• [Data for analysis]:
┄┄┄┄┄┄
(* Let $\boldsymbol\mu>\mathbf 0$ and let $\hat{\mathbf G},\tilde{\mathbf G}\in\mathcal G(\boldsymbol\mu)$ correspond to choices $(\hat k_1,\dots,\hat k_N)$ and $(\tilde k_1,\dots,\tilde k_N)$ that differ in exactly one index $i$ (i.e. $\hat k_i\neq\tilde k_i$ and $\hat k_j=\tilde k_j$ for $j\neq i$). Assume $\mathbf I-\hat{\mathbf G}$ and $\mathbf I-\tilde{\mathbf G}$ are irreducible and $\lambda(\mathbf I-\hat{\mathbf G})<1$, $\lambda(\mathbf I-\tilde{\mathbf G})<1$, and let $\hat{\mathbf p}=\hat{\mathbf G}^{-1}\mathbf n_{\hat{\mathbf G}}$, $\tilde{\mathbf p}=\tilde{\mathbf G}^{-1}\mathbf n_{\tilde{\mathbf G}}$. Then there exists $\mathbf p\in\{\hat{\mathbf p},\tilde{\mathbf p}\}$ such that $\hat{\mathbf G}\mathbf p\geq\mathbf n_{\hat{\mathbf G}}$ and $\tilde{\mathbf G}\mathbf p\geq\mathbf n_{\tilde{\mathbf G}}$.
   Context: Multicast system: $N$ transmitters; transmitter $T_i$ has $K_i\geq1$ receivers $R_i^{k}$, $k\in\mathcal K_i=\{1,\dots,K_i\}$. Channel gains $g_{r_i^{k},t_j}\geq 0$ (from $T_j$ to $R_i^k$) with $g_{r_i^{k},t_i}>0$; noise variance $\sigma^2>0$. For $\boldsymbol\mu\in\mathbb R^N$, $\mathbf a_i^{k}(\boldsymbol\mu)\in\mathbb R^{1\times N}$ is the row vector with $i$-th entry $1$ and $j$-th entry $-\mu_i g_{r_i^{k},t_j}/g_{r_i^{k},t_i}$ for $j\neq i$; $n_i^{k}(\boldsymbol\mu)=\mu_i\sigma^2/g_{r_i^{k},t_i}$. $\mathcal G(\boldsymbol\mu)$ is the set of $N\times N$ matrices whose $i$-th row is $\mathbf a_i^{k_i}(\boldsymbol\mu)$ for a choice $k_i\in\mathcal K_i$ ($i=1,\dots,N$); for such $\mathbf G$, $\mathbf n_{\mathbf G}=(n_1^{k_1}(\boldsymbol\mu),\dots,n_N^{k_N}(\boldsymbol\mu))^T$. $\lambda(\cdot)$ is the Perron–Frobenius eigenvalue (spectral radius). Inequalities are componentwise. *)

(* Scalars range over an arbitrary real closed field R
   (the paper works over the reals). *)
From HB Require Import structures.
From mathcomp Require Import all_boot all_order all_algebra.
Set Implicit Arguments. Unset Strict Implicit. Unset Printing Implicit Defensive.
Import Order.TTheory GRing.Theory Num.Theory.
Local Open Scope ring_scope.

Section Multicast.
Variable R : rcfType.
Variable N : nat.

(* Perron--Frobenius eigenvalue of a (nonnegative) square matrix A:
   the largest real eigenvalue of A.  For a nonnegative matrix this is
   the spectral radius (Perron--Frobenius theorem). *)
Definition is_PF_eigenvalue (A : 'M[R]_N) (r : R) : Prop :=
  eigenvalue A r /\ (forall s, eigenvalue A s -> s <= r).

Definition PF_lt1 (A : 'M[R]_N) : Prop :=
  exists r, is_PF_eigenvalue A r /\ r < 1.

Definition irreducible_mx (A : 'M[R]_N) : Prop :=
  forall i j : 'I_N, connect (fun i j : 'I_N => A i j != 0) i j.

(* Data: K i receivers for transmitter i; g i k j = gain from T_j to R_i^k *)
Variable K : 'I_N -> nat.
Variable g : forall i : 'I_N, 'I_(K i) -> 'I_N -> R.
Variable sigma2 : R.

Definition a_row (mu : 'I_N -> R) (i : 'I_N) (k : 'I_(K i)) : 'rV[R]_N :=
  \row_j (if j == i then 1 else - (mu i * g k j / g k i)).

Definition n_entry (mu : 'I_N -> R) (i : 'I_N) (k : 'I_(K i)) : R :=
  mu i * sigma2 / g k i.

(* the matrix G in G(mu) associated with a choice (k_1,...,k_N) *)
Definition Gmat (mu : 'I_N -> R) (c : forall i : 'I_N, 'I_(K i)) : 'M[R]_N :=
  \matrix_(i, j) a_row mu (c i) 0 j.

Definition nvec (mu : 'I_N -> R) (c : forall i : 'I_N, 'I_(K i)) : 'cV[R]_N :=
  \col_i n_entry mu (c i).

End Multicast.

(* Since lambda(I - G) < 1, the characteristic polynomial of I - G, a monic
   polynomial, has no root in [1, +oo) and is therefore positive at 1: det G > 0
   for both matrices.  When G and G' differ only in row i, the cofactors along
   row i agree, so (G' adj G)_ii = det G'.  With p = G^-1 n and p' = G'^-1 n',
   this yields
     (n_i - (G p')_i) det G' = ((G' p)_i - n'_i) det G,
   so the two residuals in row i have the same sign; every other row holds with
   equality for both vectors.  If the common sign is nonnegative p is feasible
   for both systems, otherwise p' is. *)

From HB Require Import structures.
From mathcomp Require Import all_boot all_order all_algebra.
From mathcomp Require Import polyrcf.
Import Order.TTheory GRing.Theory Num.Theory.
Local Open Scope ring_scope.

Lemma horner_char_poly (F : fieldType) n (A : 'M[F]_n) a :
  (char_poly A).[a] = \det (a%:M - A).
Proof.
rewrite /char_poly /determinant horner_sum; apply: eq_bigr => s _.
rewrite hornerM horner_exp !hornerE; congr (_ * _).
rewrite (big_morph _ (fun p q => hornerM p q a) (hornerC 1 a)).
by apply: eq_bigr => i _; rewrite !mxE !(hornerE, hornerMn).
Qed.

Lemma monic_root_ge (R : rcfType) (p : {poly R}) a :
  p \is monic -> p.[a] <= 0 -> exists2 x, a <= x & root p x.
Proof.
move=> /monicP lc_p pa_le0.
have [b0 hb0] : exists b0, forall x, b0 <= x -> 1 <= p.[x].
  by rewrite -lc_p; apply: poly_pinfty_gt_lc; rewrite lc_p ltr01.
set b := Num.max a b0.
have le_ab : a <= b by rewrite le_max lexx.
have pb_ge0 : 0 <= p.[b] by apply: le_trans ler01 (hb0 _ _); rewrite le_max lexx orbT.
have sign_change : p.[a] <= 0 <= p.[b] by rewrite pa_le0 pb_ge0.
have [x /andP[le_ax _] px0] := poly_ivt le_ab sign_change.
by exists x.
Qed.

Lemma det_subr_gt0 (R : rcfType) n (A : 'M[R]_n) :
  (forall s, eigenvalue A s -> s < 1) -> 0 < \det (1%:M - A).
Proof.
move=> eig_lt1; rewrite ltNge; apply/negP => det_le0.
have [|x le1x] := @monic_root_ge _ (char_poly A) 1 (char_poly_monic A).
  by rewrite horner_char_poly.
by rewrite -eigenvalue_root_char => /eig_lt1; rewrite ltNge le1x.
Qed.

Lemma PF_lt1_det_gt0 (R : rcfType) n (G : 'M[R]_n) :
  PF_lt1 (1%:M - G) -> 0 < \det G.
Proof.
move=> [r [[_ le_r] lt_r1]].
have -> : G = 1%:M - (1%:M - G) by rewrite opprB addrC subrK.
by apply: det_subr_gt0 => s /le_r /le_lt_trans; apply.
Qed.

Section RowChange.
Variables (F : fieldType) (n : nat) (G G' : 'M[F]_n) (i : 'I_n).
Hypothesis eq_off_i : forall j k, j != i -> G j k = G' j k.

Lemma cofactor_row_change j : cofactor G' i j = cofactor G i j.
Proof.
rewrite /cofactor; congr (_ * \det _); apply/matrixP => a b.
by rewrite !mxE eq_off_i // eq_sym neq_lift.
Qed.

Lemma mul_adj_row_change : (G' *m \adj G) i i = \det G'.
Proof.
rewrite mxE (expand_det_row G' i); apply: eq_bigr => j _.
by rewrite mxE cofactor_row_change.
Qed.

Variables (v v' : 'cV[F]_n).
Hypothesis eqv_off_i : forall j, j != i -> v j 0 = v' j 0.
Hypotheses (G_unit : G \in unitmx) (G'_unit : G' \in unitmx).

Lemma residual_row_change :
  (v i 0 - (G *m (invmx G' *m v')) i 0) * \det G'
  = ((G' *m (invmx G *m v)) i 0 - v' i 0) * \det G.
Proof.
set p := invmx G *m v; set p' := invmx G' *m v'.
set c := v i 0 - (G *m p') i 0.
set e : 'cV[F]_n := delta_mx i 0.
have G'p' : G' *m p' = v' by rewrite mulmxA mulmxV // mul1mx.
have Gp' : G *m p' = v - c *: e.
  apply/matrixP => j z; rewrite (ord1 z) ![in RHS]mxE eqxx andbT.
  have [->|ji] := eqVneq j i; first by rewrite mulr1 opprB addrC subrK.
  rewrite mulr0 subr0 eqv_off_i // -G'p' !mxE.
  by apply: eq_bigr => k _; rewrite eq_off_i.
have p'E : p' = p - c *: (invmx G *m e).
  by rewrite -(mulKmx G_unit p') Gp' mulmxBr scalemxAr.
have G'w : (G' *m (invmx G *m e)) i 0 * \det G = \det G'.
  rewrite mulmxA -colE /invmx G_unit -scalemxAr 2!mxE mul_adj_row_change.
  by rewrite mulrAC mulVf ?mul1r // -unitfE -unitmxE.
have entryBZ (A B : 'cV[F]_n) a : (A - a *: B) i 0 = A i 0 - a * B i 0.
  by rewrite !mxE.
have : (G' *m p') i 0 = v' i 0 by rewrite G'p'.
rewrite p'E mulmxBr -scalemxAr entryBZ => <-.
by rewrite opprB addrC subrK -mulrA G'w.
Qed.

End RowChange.

Lemma exists_common_solution (R : realFieldType) n (G G' : 'M[R]_n)
    (v v' : 'cV[R]_n) (i : 'I_n) :
  (forall j k, j != i -> G j k = G' j k) ->
  (forall j, j != i -> v j 0 = v' j 0) ->
  0 < \det G -> 0 < \det G' ->
  exists p, (p = invmx G *m v \/ p = invmx G' *m v') /\
    (forall r, v r 0 <= (G *m p) r 0) /\ (forall r, v' r 0 <= (G' *m p) r 0).
Proof.
move=> eqG eqv detG detG'.
have G_unit : G \in unitmx by rewrite unitmxE unitfE gt_eqF.
have G'_unit : G' \in unitmx by rewrite unitmxE unitfE gt_eqF.
have residual := @residual_row_change _ _ G G' i eqG v v' eqv G_unit G'_unit.
set p := invmx G *m v; set p' := invmx G' *m v'.
have Gp : G *m p = v by rewrite mulmxA mulmxV // mul1mx.
have G'p' : G' *m p' = v' by rewrite mulmxA mulmxV // mul1mx.
have off_i (q : 'cV[R]_n) r : r != i -> (G *m q) r 0 = (G' *m q) r 0.
  by move=> ri; rewrite !mxE; apply: eq_bigr => k _; rewrite eqG.
have [res_ge0|res_lt0] := lerP 0 ((G' *m p) i 0 - v' i 0).
  exists p; split; [by left | split=> r; first by rewrite Gp].
  have [->|ri] := eqVneq r i; first by rewrite -subr_ge0.
  by rewrite -off_i // Gp eqv.
exists p'; split; [by right | split=> r; last by rewrite G'p'].
have [->|ri] := eqVneq r i; last by rewrite off_i // G'p' eqv.
rewrite -subr_le0 -(pmulr_lle0 _ detG') residual.
by rewrite pmulr_lle0 // ltW.
Qed.

Theorem lemma2 (R : rcfType) (N : nat) (K : 'I_N -> nat)
    (g : forall i : 'I_N, 'I_(K i) -> 'I_N -> R) (sigma2 : R)
    (hK : forall i, (0 < K i)%N)
    (hg : forall i (k : 'I_(K i)) j, 0 <= g i k j)
    (hgii : forall i (k : 'I_(K i)), 0 < g i k i)
    (hsigma : 0 < sigma2)
    (mu : 'I_N -> R) (hmu : forall i, 0 < mu i)
    (khat ktil : forall i : 'I_N, 'I_(K i))
    (hdiff : exists i, khat i != ktil i /\ (forall j, j != i -> khat j = ktil j))
    (hirr1 : irreducible_mx (1%:M - Gmat g mu khat))
    (hirr2 : irreducible_mx (1%:M - Gmat g mu ktil))
    (hpf1 : PF_lt1 (1%:M - Gmat g mu khat))
    (hpf2 : PF_lt1 (1%:M - Gmat g mu ktil)) :
  let phat := invmx (Gmat g mu khat) *m nvec g sigma2 mu khat in
  let ptil := invmx (Gmat g mu ktil) *m nvec g sigma2 mu ktil in
  exists p, (p = phat \/ p = ptil) /\
    (forall r : 'I_N, nvec g sigma2 mu khat r 0 <= (Gmat g mu khat *m p) r 0) /\
    (forall r : 'I_N, nvec g sigma2 mu ktil r 0 <= (Gmat g mu ktil *m p) r 0).
Proof.
move=> phat ptil; have [i [_ same_off_i]] := hdiff.
apply: (@exists_common_solution _ _ _ _ _ _ i).
- by move=> j k /same_off_i same_k; rewrite !mxE same_k.
- by move=> j /same_off_i same_k; rewrite !mxE same_k.
- exact: PF_lt1_det_gt0.
- exact: PF_lt1_det_gt0.
Qed.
┄┄┄┄┄┄
• [Task goal]: For this exercise, the answer is the lines from the one containing "(hpf1 : PF_lt1 (1%:M - Gmat g mu khat))" through the end of the listing above, reproduced exactly.

• [Result below]:
    (hpf1 : PF_lt1 (1%:M - Gmat g mu khat))
    (hpf2 : PF_lt1 (1%:M - Gmat g mu ktil)) :
  let phat := invmx (Gmat g mu khat) *m nvec g sigma2 mu khat in
  let ptil := invmx (Gmat g mu ktil) *m nvec g sigma2 mu ktil in
  exists p, (p = phat \/ p = ptil) /\
    (forall r : 'I_N, nvec g sigma2 mu khat r 0 <= (Gmat g mu khat *m p) r 0) /\
    (forall r : 'I_N, nvec g sigma2 mu ktil r 0 <= (Gmat g mu ktil *m p) r 0).
Proof.
move=> phat ptil; have [i [_ same_off_i]] := hdiff.
apply: (@exists_common_solution _ _ _ _ _ _ i).
- by move=> j k /same_off_i same_k; rewrite !mxE same_k.
- by move=> j /same_off_i same_k; rewrite !mxE same_k.
- exact: PF_lt1_det_gt0.
- exact: PF_lt1_det_gt0.
Qed.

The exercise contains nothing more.